Они умолкли, каждый задумался о своем.
– Что? Что ты сказал?
– Я? Ничего. Вот сижу и жду, когда Андрей Иванович соизволят сделать распоряжения.
– Сделаю, брат. Но, может, сперва промочим горло?
Они выпили сухого вина, и Желябов стал рассказывать. Тригони легонько постукивал мундштуком о мраморный столик. Теперь ясно, зачем это питерцы просили его съездить в Санжийку, в небольшую укромную балку, на склонах которой немец-колонист разбил доходный фруктовый сад. Да, он был в Санжийке; немец живет ближе к Одессе, в экономии, а в саду, до сбора урожая, – один старик сторож.
Место, стало быть, для волошинского груза подходящее. Однако весь динамит – Желябов говорил «товар» – враз не отправишь в Питер. И потом, часть динамита, оказывается, пригодится в Одессе.
Тригони перестал постукивать мундштуком.
– Приедет Софья, узнаешь, – сказал Желябов и завел речь о катакомбах.
Действительно, коридоры, вырубленные под Одессой, с их тайными входами, неведомыми закоулками и тупиками, были очень уж хороши для того, чтобы схоронить «товар».

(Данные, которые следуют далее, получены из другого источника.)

(* Let $Q=\{x\in\mathbb{R}^{n+1}:\sum_{i=1}^{n+1}x_i^2/a_i=1\}$ with $0<a_1<\dots<a_{n+1}$. If a nonsingular periodic billiard trajectory inside $Q$ has odd period, then its first caustic $Q_{\lambda_1}$ is an ellipsoid, i.e. $\lambda_1\in(0,a_1)$. In other words, among all nonsingular billiard trajectories inside $Q$, only those with an ellipsoid as caustic can have odd period.
   Context: Confocal quadrics: $Q_\mu=\{\sum x_i^2/(a_i-\mu)=1\}$; every line of a billiard trajectory inside $Q$ is tangent to $n$ confocal quadrics $Q_{\lambda_1},\ldots,Q_{\lambda_n}$ (caustics), $\lambda_1<\dots<\lambda_n$. The trajectory is nonsingular when $\lambda$ lies in $\{0<\lambda_1<\dots<\lambda_n,\ \lambda_i\in(a_{i-1},a_i)\cup(a_i,a_{i+1})\}$, $a_0=0$. $Q_\mu$ is an ellipsoid exactly when $0<\mu<a_1$. *)

From HB Require Import structures.
From mathcomp Require Import all_boot all_order all_algebra.
From mathcomp Require Import reals.
Set Implicit Arguments. Unset Strict Implicit. Unset Printing Implicit Defensive.
Import Order.TTheory GRing.Theory Num.Theory.
Local Open Scope ring_scope.

Section Billiards.
Variables (R : realType) (n : nat).
(* Points of R^(n+1) are functions 'I_n.+1 -> R; coordinate i (0-based)
   corresponds to the paper's coordinate i+1.  a i is the paper's a_(i+1). *)
Variable a : 'I_n.+1 -> R.
(* Let $C\subseteq\{0,1\}^n$ be a linear code with dual distance $\Gamma$ and $|C|\leq 2^{\frac{1}{64}n}$, let $\epsilon<1/8$, let $C'\subseteq C$, and fix a non-adaptive $\epsilon$-tester $(\{Q_i\}_{i\in I},\{\pi_i\}_{i\in I},\mu)$ for $C'$-partial testing of $C$ with query complexity $q$. Let $J\subseteq[n]$ with $|J|\leq n/2$. Then with probability at least $1/9$ over $i\sim\mu$, the query set $Q_i$ is a $J$-discerning set.
   Context: $[n]=\{1,\dots,n\}$; for $x\in\{0,1\}^n$ and $J\subseteq[n]$, $x[J]=(x_j)_{j\in J}$. A linear code is an $\mathbb{F}_2$-subspace of $\{0,1\}^n$; its dual distance is the minimum weight of a nonzero vector of its dual code. Distance is normalized Hamming distance, $d(x,C)=\min_{c\in C}|\{i:x_i\neq c_i\}|/n$. A non-adaptive $\epsilon$-tester for $C'$-partial testing of $C$ with query complexity $q$ consists of query sets $Q_i\subseteq[n]$ of size $q$ ($i\in I$), predicates $\pi_i:\{0,1\}^{Q_i}\to\{0,1\}$, and a probability distribution $\mu$ on $I$, such that for every $x\in C'$, $\Pr_{i\sim\mu}[\pi_i(x[Q_i])=1]\geq 2/3$, and for every $x$ with $d(x,C)>\epsilon$, $\Pr_{i\sim\mu}[\pi_i(x[Q_i])=0]\geq 2/3$. $U(C')$ is the uniform distribution on $C'$, $U(C')[Q]$ the distribution of $X[Q]$ for $X\sim U(C')$, and $U_J(C')$ the distribution obtained by drawing $x\sim U(C')$ and replacing $x[[n]\setminus J]$ by an independent uniformly random vector; $U_J(C')[Q]$ is its restriction to $Q$. For $J$ with $|J|\leq n/2$, $Q_i$ is $J$-discerning if $d_{TV}(U(C')[Q_i],U_J(C')[Q_i])\geq 1/8$, where $d_{TV}(p,q)=\frac12\sum_a|p(a)-q(a)|$. *)

From HB Require Import structures.
From mathcomp Require Import all_boot all_order all_algebra.
From mathcomp Require Import boolp reals.
Set Implicit Arguments. Unset Strict Implicit. Unset Printing Implicit Defensive.
Import Order.TTheory GRing.Theory Num.Theory.
Local Open Scope ring_scope.

Definition word (n : nat) := {ffun 'I_n -> bool}.

(* a linear code: an F_2-subspace (contains 0, closed under addition = xor;
   scalar multiplication by 0/1 is then automatic) *)
Definition linear_code (n : nat) (C : {set word n}) : Prop :=
  [ffun => false] \in C /\
  forall x y, x \in C -> y \in C -> [ffun i => x i (+) y i] \in C.

Definition wt (n : nat) (x : word n) : nat := #|[set i | x i]|.
Definition dotF2 (n : nat) (x y : word n) : bool := odd #|[set i | x i && y i]|.

Definition dual_code (n : nat) (C : {set word n}) : {set word n} :=
  [set y | [forall x in C, ~~ dotF2 x y]].

Definition dual_distance (n : nat) (C : {set word n}) (Gamma : nat) : Prop :=
  (exists2 y, y \in dual_code C & (y != [ffun => false]) /\ wt y = Gamma) /\
  (forall y, y \in dual_code C -> y != [ffun => false] -> (Gamma <= wt y)%N).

Тригони задумался. Лучшего, пожалуй, не сыщешь. Да уж больно много шныряет там отборной публики.
– Воры?
– Они. Совсем недавно полиция изловила шайку.
– Недавно? Где?
– Кажется, в Бирюковской. Знаешь? В той, что выходит на Пишоновку, в пустыри. Там их три разом, три катакомбы: Бирюковская, Боффо и Раннеса. И каменоломни брошенные, и бугры. Черт ногу сломит. Да вот, видишь, полиция недавно лазила.
– Вот и отлично, отлично, – быстро отвечал Желябов. – Недавно лазила, недавно изловила, так на кой ляд и мазурикам и фараонам теперь эта самая Бирюковская? На кой ляд теперь? Туда и отвезем. Только бы ты, Миш, наверняка узнал, в какой именно из трех-то полиция была. Это тебе – раз. А теперь второе: лошадей, подводы достать.
– Господи боже мой! – взмолился Тригони. – Да что я, биндюжникам друг, что ли?
– Ну не ты, так кто еще… Тут, думаю, с братцами-контрабапдистами… А? Не перевелись?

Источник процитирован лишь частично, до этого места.